Mais pour agir, le Christ a choisi d’avoir un corps.
Il a besoin de bras pour embrasser, d’un regard pour offrir de la douceur, d’oreilles pour écouter, de voix pour consoler et guider…

Ce corps, c’est celui que nous formons tous ensemble, avec ce que nous sommes chacun : ce corps, c’est l’Eglise visible, le peuple des baptisés, rassemblé par Dieu ; tel un troupeau d’agneaux guidé par un berger et sa houlette, l’évêque et ici notre curé, aidé contre les prédateurs et accompagné dans les chemins difficiles par des chiens de berger, vos diacres.
Cette Eglise, irremplaçable car elle prolonge l’Incarnation de Jésus. Cette Eglise qui permet au Christ d’être explicitement présent dans notre monde et qui permet ainsi aux hommes de découvrir Dieu, de le connaître, de se lier plus étroitement avec lui, de devenir ses amis.

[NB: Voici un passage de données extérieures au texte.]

(* Let $(p_i)_{i\geq1}$ enumerate the odd primes and let $\Lambda_1=(1,1)\mathbb{Z}+(0,2)\mathbb{Z}$, $\Lambda_2=\mathbb{Z}\times2\mathbb{Z}$, $\Lambda_{2i+1}=(2p_i,1)\mathbb{Z}+(0,2)\mathbb{Z}$ and $\Lambda_{2i+2}=(2^{i+1},1)\mathbb{Z}+(0,2)\mathbb{Z}$ for $i\geq1$. Let $\mathcal{M}_\mathscr{B}=\bigcup_{i\geq1}\Lambda_i$, $\mathcal{F}_\mathscr{B}=\mathbb{Z}^2\setminus\mathcal{M}_\mathscr{B}$, $\eta=\mathbb{1}_{\mathcal{F}_\mathscr{B}}$ and $X_\eta$ its orbit closure under the $\mathbb{Z}^2$-shift. Then $\mathcal{F}_\mathscr{B}=\{-2,0,2\}\times(2\mathbb{Z}+1)$, the system $(X_\eta,(S_{\mathbf{n}})_{\mathbf{n}\in\mathbb{Z}^2})$ is proximal, and there is no infinite pairwise coprime family $\{\widetilde\Lambda_j\}_{j\geq1}$ of proper lattices in $\mathbb{Z}^2$ with $\bigcup_{j\geq1}\widetilde\Lambda_j\subseteq\mathcal{M}_\mathscr{B}$.
   Context: A lattice in $\mathbb{Z}^2$ is a subgroup of finite index; proper lattices $\Lambda,\Lambda'$ are coprime if $\Lambda+\Lambda'=\mathbb{Z}^2$. Shift: $(S_{\mathbf{n}}x)_{\mathbf{g}}=x_{\mathbf{g}+\mathbf{n}}$ on $\{0,1\}^{\mathbb{Z}^2}$ with the product topology; $X_\eta$ is the closure of the orbit of $\eta$. A system is proximal if every pair $(x,y)$ of its points satisfies $\liminf_{\mathbf{n}\to\infty}D(S_{\mathbf{n}}x,S_{\mathbf{n}}y)=0$ for a compatible metric $D$. *)

From Stdlib Require Import ZArith Znumtheory List ClassicalEpsilon.
Open Scope Z_scope.

Definition Z2 := (Z * Z)%type.
Definition addZ2 (g h : Z2) : Z2 := (fst g + fst h, snd g + snd h).
Definition oppZ2 (g : Z2) : Z2 := (- fst g, - snd g).
Definition subZ2 (g h : Z2) : Z2 := addZ2 g (oppZ2 h).

Definition subset2 := Z2 -> Prop.

(* A lattice: a subgroup of Z^2 of finite index (finitely many cosets). *)
Definition is_lattice (L : subset2) : Prop :=
  L (0, 0) /\
  (forall g h, L g -> L h -> L (addZ2 g h)) /\
  (forall g, L g -> L (oppZ2 g)) /\
  exists reps : list Z2, forall g, exists r, In r reps /\ L (subZ2 g r).

Definition proper_lattice (L : subset2) : Prop :=
  is_lattice L /\ exists g, ~ L g.

Definition coprime_lat (L L' : subset2) : Prop :=
  forall g, exists a b, L a /\ L' b /\ g = addZ2 a b.

Definition span2 (v w : Z2) : subset2 :=
  fun g => exists k m : Z, g = (k * fst v + m * fst w, k * snd v + m * snd w).

(* The lattices Lambda_i (i >= 1), given an enumeration p of the odd primes:
   Lambda_1 = (1,1)Z + (0,2)Z, Lambda_2 = Z x 2Z,
   Lambda_{2k+1} = (2 p_k, 1)Z + (0,2)Z, Lambda_{2k+2} = (2^(k+1), 1)Z + (0,2)Z, k >= 1. *)
Definition Lam (p : nat -> Z) (i : nat) : subset2 :=
  match i with
  | 0%nat => fun _ => False (* unused index *)
  | 1%nat => span2 (1, 1) (0, 2)
  | 2%nat => fun g => exists m, snd g = 2 * m
  | _ => if Nat.odd i
         then span2 (2 * p (Nat.div2 (i - 1)), 1) (0, 2)
         else span2 (2 ^ Z.of_nat (Nat.div2 (i - 2) + 1), 1) (0, 2)
  end.

Definition MB (p : nat -> Z) : subset2 :=
  fun g => exists i : nat, (1 <= i)%nat /\ Lam p i g.

Definition FB (p : nat -> Z) : subset2 := fun g => ~ MB p g.

Definition config := Z2 -> bool.

Definition eta (p : nat -> Z) : config :=
  fun g => if excluded_middle_informative (FB p g) then true else false.

Definition shift (n : Z2) (x : config) : config := fun g => x (addZ2 g n).

Definition agree_on (r : Z) (x y : config) : Prop :=
  forall a b, Z.abs a <= r -> Z.abs b <= r -> x (a, b) = y (a, b).

(* Orbit closure in the product topology (cylinder sets on boxes form a base). *)
Definition orbit_closure (z : config) : config -> Prop :=
  fun x => forall r : Z, exists n : Z2, agree_on r (shift n z) x.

Ce corps, c’est aussi le peuple immense de ceux qui ont cherché Dieu, Eglise invisible des hommes de bonne volonté.

Tous ici présents, nous sommes appelés à donner corps, dans la petitesse, le quotidien et la banalité de nos vies, à cet amour universel, cosmique. L’infiniment grand se confie volontairement à nos êtres limités et fragiles.

Ainsi, il y a de quoi se réjouir, Guillaume, de te voir aujourd’hui faire cette entrée dans la pleine communion : non pas se réjouir comme s’il s’agissait d’une victoire des « vrais » chrétiens face aux « faux ». Mais se réjouir d’avancer ensemble dans notre découverte de ce Dieu d’amour.

Se réjouir de savoir que, dans quelques minutes, tu vas vivre avec nous une expérience très concrète : celle de recevoir pour la première fois l’Eucharistie ; tu vas accueillir en toi le Christ qui se donne sous les espèces du pain et du vin, pour que, nourrie par son corps et son sang, irriguée de la propre vie du Christ, ta vie prenne une autre dimension et qu’à ton tour tu aides les hommes à s’aimer « les uns les autres comme Jésus les a aimés », et cela tout au long de ta vie, là où le Seigneur te plantera.

Aimer l’autre comme Jésus nous aime, c’est-à-dire aimer même celui qui nous semble impossible à aimer, aimer au delà de sa propre vie, c’est parfois impossible ou révoltant ; je me souviens en particulier de cette réaction d’une collègue de travail juive qui ne pouvait imaginer que notre Dieu puisse aimer un ennemi parce que cela lui semblait tout simplement injuste.

C’est tellement difficile de s’aimer les uns les autres qu’on a constamment besoin d’y être aidé. C’est justement le rôle de cette Eglise corps du Christ que nous formons, qui nous soutient lorsque nous doutons ou lorsque nous oublions de quel amour nous sommes aimé, qui nous aide dans notre relation personnelle avec Dieu en offrant des signes concrets et tangibles au travers tant des sacrements que d’une vraie vie fraternelle.

Guillaume, nous t’accueillons avec joie dans cette Eglise, heureux de faire route avec toi dans ce nouveau tournant de ta vie de foi.